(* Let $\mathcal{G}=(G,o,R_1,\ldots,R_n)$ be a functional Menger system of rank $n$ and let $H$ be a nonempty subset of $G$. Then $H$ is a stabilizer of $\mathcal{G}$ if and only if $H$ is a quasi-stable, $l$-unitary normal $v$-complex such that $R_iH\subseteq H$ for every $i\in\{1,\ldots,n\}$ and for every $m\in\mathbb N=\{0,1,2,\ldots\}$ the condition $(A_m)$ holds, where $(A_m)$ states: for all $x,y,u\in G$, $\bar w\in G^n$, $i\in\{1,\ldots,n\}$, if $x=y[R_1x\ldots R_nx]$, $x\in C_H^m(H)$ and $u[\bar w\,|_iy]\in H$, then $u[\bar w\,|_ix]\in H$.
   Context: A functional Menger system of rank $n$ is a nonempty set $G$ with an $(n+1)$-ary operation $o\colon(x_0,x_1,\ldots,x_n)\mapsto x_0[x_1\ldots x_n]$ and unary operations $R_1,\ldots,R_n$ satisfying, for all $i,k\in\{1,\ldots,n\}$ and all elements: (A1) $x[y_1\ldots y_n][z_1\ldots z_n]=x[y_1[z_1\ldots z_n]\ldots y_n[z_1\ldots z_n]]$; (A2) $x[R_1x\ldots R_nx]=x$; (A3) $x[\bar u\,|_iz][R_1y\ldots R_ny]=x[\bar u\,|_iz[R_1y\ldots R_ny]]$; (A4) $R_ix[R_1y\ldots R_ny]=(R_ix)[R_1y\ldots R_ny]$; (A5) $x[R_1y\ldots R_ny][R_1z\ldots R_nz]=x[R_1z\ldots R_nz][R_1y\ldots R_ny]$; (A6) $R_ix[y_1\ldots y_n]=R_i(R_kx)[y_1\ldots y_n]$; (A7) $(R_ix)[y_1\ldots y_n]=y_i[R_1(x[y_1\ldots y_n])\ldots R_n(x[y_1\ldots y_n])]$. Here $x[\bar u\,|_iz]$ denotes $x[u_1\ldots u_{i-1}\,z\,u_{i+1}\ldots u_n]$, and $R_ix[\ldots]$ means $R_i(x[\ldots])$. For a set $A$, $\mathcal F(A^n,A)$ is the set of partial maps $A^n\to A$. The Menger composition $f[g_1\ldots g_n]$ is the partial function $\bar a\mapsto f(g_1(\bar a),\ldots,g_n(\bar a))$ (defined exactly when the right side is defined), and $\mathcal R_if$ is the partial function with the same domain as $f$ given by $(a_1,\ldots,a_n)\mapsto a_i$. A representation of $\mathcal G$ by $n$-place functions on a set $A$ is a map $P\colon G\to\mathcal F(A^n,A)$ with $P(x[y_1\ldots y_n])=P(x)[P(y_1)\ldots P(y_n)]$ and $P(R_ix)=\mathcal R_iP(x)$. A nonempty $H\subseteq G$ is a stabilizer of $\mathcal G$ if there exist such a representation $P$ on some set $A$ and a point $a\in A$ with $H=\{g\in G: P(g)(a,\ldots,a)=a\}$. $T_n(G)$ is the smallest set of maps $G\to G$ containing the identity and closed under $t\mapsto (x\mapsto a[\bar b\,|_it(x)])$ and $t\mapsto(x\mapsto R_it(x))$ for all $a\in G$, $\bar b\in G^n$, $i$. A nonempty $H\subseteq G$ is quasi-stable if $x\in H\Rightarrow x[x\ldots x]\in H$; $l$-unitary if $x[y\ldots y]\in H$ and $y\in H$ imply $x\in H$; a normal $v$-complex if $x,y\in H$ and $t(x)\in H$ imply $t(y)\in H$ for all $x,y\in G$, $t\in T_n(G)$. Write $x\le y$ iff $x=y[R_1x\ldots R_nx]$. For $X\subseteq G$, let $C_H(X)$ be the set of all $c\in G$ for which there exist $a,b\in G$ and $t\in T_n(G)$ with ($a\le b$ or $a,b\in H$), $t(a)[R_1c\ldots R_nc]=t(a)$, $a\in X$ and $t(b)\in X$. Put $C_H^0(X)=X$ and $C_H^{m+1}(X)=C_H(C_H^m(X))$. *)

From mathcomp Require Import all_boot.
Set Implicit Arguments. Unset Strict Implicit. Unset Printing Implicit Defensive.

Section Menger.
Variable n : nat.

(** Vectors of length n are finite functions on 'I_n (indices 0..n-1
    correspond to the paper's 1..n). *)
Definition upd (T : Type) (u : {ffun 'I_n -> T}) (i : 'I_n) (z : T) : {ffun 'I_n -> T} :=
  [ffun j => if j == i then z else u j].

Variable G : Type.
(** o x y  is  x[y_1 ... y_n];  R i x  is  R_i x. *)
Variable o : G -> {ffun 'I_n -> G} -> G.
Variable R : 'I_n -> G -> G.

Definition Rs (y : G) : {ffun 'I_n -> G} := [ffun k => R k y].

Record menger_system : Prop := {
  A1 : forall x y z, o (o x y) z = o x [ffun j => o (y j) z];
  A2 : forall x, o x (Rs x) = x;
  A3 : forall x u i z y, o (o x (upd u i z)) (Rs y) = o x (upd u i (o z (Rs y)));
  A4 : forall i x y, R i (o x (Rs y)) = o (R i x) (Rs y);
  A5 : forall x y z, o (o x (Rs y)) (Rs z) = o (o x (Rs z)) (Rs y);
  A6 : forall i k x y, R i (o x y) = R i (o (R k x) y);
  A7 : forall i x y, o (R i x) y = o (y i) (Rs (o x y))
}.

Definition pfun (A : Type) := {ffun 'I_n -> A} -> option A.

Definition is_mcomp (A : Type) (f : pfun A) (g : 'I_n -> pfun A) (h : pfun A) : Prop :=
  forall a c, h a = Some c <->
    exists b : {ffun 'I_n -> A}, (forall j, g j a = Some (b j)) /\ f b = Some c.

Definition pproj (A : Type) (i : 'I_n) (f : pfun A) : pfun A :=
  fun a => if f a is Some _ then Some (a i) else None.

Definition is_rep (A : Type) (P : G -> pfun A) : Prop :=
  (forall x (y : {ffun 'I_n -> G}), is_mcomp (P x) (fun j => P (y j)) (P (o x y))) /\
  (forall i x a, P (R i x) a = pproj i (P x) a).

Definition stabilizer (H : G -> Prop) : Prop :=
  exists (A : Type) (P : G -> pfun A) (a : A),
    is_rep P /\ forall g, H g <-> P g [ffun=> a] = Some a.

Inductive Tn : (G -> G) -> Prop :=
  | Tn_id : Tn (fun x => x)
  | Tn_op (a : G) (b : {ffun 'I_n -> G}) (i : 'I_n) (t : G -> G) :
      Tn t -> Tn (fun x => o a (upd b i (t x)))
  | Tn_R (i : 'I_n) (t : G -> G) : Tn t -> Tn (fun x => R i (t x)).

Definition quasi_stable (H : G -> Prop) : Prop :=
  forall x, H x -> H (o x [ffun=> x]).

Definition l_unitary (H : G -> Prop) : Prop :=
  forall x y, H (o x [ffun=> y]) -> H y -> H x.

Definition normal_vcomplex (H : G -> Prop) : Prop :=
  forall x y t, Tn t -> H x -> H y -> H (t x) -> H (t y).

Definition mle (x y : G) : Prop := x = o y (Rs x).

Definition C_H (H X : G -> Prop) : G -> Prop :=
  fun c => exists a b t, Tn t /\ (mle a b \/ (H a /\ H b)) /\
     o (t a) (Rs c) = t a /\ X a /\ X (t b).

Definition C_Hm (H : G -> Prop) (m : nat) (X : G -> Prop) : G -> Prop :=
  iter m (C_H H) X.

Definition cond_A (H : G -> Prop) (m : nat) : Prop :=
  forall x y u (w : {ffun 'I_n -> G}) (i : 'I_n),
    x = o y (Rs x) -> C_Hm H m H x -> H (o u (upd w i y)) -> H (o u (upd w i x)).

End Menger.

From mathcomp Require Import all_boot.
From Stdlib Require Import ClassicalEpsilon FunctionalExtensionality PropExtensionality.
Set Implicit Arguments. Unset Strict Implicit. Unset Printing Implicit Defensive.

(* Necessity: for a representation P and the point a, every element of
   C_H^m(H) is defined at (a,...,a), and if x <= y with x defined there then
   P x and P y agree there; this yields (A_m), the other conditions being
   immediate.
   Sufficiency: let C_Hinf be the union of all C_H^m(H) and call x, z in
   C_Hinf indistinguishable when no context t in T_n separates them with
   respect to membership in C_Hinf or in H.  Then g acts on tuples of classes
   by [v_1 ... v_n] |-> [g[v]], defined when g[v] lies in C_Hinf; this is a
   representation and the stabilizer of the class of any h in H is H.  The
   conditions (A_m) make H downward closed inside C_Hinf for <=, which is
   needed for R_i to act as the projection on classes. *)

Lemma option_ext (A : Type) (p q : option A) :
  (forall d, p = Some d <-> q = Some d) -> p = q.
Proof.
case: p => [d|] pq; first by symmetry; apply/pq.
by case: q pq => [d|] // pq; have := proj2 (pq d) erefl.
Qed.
==
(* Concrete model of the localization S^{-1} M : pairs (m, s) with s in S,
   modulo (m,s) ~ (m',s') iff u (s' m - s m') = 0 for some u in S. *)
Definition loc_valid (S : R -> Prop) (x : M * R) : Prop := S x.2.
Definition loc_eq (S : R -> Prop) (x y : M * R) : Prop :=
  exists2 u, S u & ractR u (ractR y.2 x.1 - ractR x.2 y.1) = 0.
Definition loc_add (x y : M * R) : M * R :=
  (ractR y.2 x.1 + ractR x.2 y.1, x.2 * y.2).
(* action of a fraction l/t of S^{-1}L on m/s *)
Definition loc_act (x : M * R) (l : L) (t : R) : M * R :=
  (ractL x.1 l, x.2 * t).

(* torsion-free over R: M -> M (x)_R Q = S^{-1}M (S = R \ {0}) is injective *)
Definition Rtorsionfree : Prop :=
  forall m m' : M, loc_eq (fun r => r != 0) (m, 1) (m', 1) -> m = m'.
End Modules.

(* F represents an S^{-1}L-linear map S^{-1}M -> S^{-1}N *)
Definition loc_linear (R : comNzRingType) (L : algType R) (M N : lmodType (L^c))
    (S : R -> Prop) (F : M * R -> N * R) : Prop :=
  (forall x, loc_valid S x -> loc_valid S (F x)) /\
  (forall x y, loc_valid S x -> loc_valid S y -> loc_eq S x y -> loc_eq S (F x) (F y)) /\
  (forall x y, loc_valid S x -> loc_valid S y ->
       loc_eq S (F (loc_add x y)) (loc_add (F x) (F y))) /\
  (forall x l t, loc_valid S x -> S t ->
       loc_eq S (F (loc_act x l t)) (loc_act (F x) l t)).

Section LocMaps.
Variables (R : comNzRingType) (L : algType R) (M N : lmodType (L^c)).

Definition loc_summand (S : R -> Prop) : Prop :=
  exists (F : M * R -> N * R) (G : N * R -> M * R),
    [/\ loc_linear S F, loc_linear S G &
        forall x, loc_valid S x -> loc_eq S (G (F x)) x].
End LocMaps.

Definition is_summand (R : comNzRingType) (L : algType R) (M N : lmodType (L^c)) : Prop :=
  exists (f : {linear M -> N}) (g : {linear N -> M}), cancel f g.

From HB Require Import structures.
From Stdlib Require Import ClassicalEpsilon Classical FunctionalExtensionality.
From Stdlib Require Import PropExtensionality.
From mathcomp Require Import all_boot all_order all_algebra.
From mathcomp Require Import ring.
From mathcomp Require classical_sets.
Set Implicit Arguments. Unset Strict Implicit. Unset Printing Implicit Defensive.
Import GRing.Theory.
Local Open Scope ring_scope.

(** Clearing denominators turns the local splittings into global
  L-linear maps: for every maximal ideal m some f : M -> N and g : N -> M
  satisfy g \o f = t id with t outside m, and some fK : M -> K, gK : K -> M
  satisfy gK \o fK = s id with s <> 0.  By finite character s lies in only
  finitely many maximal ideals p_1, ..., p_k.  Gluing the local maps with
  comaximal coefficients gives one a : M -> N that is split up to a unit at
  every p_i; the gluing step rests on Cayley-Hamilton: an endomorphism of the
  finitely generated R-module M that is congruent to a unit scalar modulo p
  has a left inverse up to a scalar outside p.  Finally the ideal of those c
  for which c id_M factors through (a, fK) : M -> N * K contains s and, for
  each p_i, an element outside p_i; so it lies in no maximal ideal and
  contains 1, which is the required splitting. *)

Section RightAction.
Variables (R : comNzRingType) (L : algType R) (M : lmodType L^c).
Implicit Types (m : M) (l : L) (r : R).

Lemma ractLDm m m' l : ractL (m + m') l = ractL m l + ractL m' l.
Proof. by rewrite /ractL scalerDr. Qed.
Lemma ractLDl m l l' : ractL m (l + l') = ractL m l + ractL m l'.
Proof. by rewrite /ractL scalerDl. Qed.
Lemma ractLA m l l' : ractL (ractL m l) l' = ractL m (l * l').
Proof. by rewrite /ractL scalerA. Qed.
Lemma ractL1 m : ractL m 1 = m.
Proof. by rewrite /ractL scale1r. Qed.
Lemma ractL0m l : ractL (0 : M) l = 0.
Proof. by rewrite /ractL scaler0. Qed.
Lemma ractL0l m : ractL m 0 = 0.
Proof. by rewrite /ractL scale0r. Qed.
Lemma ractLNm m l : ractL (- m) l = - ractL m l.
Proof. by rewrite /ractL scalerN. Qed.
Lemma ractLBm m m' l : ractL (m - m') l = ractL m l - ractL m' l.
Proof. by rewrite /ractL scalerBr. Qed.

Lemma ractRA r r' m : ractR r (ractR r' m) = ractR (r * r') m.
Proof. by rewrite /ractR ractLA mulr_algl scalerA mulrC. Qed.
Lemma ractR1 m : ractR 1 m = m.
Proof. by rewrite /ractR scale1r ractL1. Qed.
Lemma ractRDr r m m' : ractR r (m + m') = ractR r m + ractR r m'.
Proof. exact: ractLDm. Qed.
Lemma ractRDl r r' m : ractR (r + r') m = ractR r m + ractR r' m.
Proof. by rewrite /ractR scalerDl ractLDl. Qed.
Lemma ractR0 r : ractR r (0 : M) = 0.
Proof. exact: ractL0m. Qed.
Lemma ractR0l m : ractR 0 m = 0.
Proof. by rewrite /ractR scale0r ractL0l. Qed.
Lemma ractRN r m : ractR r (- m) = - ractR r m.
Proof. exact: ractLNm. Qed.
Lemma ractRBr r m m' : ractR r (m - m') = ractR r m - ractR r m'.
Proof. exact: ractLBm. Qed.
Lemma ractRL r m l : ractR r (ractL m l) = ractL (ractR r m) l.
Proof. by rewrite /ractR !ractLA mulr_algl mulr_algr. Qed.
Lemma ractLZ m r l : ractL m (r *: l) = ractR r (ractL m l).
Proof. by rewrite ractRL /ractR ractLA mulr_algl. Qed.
---
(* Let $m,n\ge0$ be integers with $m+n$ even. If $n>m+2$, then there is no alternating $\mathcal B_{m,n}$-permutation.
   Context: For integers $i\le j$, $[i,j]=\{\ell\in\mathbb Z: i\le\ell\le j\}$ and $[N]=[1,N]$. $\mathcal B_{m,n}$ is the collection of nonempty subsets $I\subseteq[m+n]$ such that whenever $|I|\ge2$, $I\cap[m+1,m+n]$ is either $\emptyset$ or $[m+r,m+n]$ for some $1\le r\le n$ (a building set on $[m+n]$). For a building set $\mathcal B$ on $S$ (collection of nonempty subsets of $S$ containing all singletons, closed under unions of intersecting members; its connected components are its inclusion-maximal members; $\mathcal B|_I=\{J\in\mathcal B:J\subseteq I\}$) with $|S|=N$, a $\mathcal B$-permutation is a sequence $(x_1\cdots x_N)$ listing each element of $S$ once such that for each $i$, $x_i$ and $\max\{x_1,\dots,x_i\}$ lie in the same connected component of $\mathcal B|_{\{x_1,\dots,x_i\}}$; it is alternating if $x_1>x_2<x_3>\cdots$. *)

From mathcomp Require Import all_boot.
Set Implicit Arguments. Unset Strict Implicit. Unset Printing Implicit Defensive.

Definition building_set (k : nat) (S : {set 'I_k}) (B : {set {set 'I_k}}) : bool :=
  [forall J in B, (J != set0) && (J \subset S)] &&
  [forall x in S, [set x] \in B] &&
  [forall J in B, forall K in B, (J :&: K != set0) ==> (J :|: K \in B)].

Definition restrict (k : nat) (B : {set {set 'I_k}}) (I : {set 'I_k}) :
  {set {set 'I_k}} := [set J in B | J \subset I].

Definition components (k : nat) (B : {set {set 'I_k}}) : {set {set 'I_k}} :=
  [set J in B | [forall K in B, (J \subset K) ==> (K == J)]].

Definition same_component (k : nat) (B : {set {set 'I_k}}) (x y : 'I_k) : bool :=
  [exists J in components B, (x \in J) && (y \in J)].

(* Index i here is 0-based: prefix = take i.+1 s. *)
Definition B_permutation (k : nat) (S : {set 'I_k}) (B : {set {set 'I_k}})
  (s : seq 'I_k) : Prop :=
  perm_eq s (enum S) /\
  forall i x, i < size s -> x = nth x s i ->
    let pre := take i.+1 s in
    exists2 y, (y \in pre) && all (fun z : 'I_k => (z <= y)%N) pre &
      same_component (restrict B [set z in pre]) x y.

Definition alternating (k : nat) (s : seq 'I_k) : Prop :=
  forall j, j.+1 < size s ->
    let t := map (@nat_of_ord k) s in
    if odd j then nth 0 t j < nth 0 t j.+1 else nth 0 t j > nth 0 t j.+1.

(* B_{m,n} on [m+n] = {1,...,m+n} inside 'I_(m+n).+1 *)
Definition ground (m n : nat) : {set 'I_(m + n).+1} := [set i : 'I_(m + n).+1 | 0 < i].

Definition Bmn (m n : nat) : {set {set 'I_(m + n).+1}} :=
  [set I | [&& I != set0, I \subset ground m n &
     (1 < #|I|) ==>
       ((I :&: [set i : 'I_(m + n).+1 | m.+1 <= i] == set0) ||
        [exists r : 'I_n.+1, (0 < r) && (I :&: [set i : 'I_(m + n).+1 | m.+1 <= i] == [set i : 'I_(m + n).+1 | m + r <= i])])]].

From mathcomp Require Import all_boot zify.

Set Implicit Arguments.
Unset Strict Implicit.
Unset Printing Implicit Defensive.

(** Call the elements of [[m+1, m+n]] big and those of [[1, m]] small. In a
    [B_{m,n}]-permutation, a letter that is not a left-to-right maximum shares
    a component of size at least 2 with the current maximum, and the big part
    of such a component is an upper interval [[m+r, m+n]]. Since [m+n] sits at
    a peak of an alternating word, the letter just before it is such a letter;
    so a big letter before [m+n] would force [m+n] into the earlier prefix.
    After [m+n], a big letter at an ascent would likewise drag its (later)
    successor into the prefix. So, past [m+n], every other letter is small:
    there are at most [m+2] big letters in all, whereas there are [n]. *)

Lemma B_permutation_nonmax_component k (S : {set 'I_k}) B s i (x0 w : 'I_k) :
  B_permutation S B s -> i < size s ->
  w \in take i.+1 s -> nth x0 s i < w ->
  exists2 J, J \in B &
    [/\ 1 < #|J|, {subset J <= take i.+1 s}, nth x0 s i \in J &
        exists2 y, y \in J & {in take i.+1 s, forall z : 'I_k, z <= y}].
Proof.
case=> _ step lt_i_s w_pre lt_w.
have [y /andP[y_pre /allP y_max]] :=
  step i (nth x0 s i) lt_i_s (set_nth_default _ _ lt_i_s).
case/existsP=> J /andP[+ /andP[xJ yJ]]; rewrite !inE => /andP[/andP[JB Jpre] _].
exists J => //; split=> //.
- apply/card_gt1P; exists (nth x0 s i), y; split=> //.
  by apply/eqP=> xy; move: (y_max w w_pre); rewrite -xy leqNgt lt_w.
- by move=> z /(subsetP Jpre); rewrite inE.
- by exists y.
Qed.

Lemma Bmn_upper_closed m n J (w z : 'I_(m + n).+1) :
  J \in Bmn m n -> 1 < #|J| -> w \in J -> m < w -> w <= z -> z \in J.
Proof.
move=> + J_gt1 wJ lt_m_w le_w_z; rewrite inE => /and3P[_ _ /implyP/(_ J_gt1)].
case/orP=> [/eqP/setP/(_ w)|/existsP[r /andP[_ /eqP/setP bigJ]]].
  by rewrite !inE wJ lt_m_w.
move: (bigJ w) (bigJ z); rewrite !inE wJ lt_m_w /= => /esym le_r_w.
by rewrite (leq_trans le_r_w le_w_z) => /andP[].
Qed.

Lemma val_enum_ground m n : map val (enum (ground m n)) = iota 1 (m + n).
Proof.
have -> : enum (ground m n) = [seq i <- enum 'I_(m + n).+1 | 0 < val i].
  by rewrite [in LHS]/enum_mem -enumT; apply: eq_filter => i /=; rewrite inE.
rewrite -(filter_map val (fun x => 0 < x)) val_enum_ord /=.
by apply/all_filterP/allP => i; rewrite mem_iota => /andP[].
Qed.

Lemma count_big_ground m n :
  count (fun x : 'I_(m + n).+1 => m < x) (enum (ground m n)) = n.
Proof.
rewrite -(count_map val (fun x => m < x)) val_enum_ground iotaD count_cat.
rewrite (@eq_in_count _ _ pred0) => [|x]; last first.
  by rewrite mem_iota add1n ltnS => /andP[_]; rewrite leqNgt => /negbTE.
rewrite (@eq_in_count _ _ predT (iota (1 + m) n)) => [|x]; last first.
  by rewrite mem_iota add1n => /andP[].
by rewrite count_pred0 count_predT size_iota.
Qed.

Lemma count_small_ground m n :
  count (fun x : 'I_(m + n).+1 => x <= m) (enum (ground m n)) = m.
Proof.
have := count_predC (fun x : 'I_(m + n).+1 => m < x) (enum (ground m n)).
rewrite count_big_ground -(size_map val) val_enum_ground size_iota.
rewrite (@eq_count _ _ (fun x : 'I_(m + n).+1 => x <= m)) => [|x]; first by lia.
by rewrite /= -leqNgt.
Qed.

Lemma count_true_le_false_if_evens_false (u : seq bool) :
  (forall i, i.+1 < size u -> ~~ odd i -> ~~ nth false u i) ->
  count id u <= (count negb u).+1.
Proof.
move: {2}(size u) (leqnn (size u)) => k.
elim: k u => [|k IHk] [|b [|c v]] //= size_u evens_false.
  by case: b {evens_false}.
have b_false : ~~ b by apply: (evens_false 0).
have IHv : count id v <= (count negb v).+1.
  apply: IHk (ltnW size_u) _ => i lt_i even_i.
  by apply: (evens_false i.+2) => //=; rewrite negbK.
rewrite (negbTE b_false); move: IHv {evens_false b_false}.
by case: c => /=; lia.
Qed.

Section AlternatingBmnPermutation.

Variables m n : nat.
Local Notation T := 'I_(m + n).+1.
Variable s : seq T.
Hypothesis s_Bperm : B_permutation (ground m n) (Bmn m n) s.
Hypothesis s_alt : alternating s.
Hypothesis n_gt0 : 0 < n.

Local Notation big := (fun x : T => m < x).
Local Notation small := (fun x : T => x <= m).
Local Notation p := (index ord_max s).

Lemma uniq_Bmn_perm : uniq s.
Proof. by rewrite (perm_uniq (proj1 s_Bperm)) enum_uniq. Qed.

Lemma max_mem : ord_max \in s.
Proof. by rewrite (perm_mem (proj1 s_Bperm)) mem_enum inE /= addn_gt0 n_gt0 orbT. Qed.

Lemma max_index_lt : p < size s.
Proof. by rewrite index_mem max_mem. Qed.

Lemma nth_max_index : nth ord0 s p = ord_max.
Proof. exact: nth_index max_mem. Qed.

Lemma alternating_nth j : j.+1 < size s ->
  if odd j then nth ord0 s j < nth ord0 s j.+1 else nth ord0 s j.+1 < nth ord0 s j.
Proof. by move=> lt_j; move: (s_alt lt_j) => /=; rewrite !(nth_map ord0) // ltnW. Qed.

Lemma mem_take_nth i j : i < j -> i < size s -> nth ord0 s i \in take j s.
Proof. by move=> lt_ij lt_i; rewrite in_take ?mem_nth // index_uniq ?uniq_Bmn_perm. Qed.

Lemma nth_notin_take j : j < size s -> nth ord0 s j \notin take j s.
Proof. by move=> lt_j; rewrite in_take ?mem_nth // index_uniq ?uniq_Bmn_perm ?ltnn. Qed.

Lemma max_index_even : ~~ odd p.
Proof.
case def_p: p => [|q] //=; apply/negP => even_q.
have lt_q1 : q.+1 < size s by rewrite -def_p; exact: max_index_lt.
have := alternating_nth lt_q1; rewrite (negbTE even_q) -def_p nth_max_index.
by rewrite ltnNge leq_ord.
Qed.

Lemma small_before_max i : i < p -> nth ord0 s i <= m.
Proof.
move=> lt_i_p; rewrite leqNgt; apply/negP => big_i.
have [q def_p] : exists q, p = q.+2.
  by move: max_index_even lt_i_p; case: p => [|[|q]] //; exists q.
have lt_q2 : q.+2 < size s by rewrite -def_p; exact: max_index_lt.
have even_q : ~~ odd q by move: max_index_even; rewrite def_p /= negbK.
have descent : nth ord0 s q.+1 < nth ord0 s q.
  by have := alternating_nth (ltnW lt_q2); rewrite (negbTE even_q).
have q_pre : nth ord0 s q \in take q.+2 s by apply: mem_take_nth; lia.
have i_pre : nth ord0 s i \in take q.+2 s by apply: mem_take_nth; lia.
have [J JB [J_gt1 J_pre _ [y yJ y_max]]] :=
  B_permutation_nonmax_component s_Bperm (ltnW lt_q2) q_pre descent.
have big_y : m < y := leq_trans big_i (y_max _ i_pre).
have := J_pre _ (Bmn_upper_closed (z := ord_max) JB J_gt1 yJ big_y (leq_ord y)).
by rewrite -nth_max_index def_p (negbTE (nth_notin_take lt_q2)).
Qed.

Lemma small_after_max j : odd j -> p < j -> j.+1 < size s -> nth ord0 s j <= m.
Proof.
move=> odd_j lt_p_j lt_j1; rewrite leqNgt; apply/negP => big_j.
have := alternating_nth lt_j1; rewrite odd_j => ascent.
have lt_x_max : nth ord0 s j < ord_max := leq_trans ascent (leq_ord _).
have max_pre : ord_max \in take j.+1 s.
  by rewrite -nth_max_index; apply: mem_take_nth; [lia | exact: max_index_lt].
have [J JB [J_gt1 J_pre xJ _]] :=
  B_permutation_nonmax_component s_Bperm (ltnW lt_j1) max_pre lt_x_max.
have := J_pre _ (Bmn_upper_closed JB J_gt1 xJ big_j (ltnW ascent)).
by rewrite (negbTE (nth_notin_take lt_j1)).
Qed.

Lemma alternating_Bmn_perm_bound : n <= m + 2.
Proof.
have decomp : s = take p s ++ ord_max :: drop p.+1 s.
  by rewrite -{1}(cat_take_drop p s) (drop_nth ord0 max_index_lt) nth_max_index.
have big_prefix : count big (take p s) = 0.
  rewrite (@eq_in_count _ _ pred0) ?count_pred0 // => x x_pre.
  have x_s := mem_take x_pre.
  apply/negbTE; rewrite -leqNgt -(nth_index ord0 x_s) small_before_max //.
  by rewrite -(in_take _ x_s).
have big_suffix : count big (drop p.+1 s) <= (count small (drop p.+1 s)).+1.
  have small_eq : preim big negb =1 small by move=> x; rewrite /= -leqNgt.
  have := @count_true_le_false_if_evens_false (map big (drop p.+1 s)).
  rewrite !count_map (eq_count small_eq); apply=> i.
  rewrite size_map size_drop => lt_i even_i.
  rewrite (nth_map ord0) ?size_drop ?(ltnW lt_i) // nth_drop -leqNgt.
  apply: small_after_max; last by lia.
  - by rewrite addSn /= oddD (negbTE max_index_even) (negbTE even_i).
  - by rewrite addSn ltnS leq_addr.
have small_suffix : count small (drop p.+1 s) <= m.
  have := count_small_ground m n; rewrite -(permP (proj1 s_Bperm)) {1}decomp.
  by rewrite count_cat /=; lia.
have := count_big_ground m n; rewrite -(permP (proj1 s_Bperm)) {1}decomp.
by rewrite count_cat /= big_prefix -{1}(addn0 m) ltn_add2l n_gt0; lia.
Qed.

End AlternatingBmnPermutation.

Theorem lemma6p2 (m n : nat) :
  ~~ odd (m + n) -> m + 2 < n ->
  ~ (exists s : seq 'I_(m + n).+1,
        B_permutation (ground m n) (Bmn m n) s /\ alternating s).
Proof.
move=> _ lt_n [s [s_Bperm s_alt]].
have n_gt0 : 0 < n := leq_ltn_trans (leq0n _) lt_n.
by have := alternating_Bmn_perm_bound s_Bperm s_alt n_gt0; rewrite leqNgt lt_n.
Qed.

● How to complete this task
Check the records above line by line and tally those holding the string "FunctionalExtensionality". Answer with the number only.

● Response for this exercise
2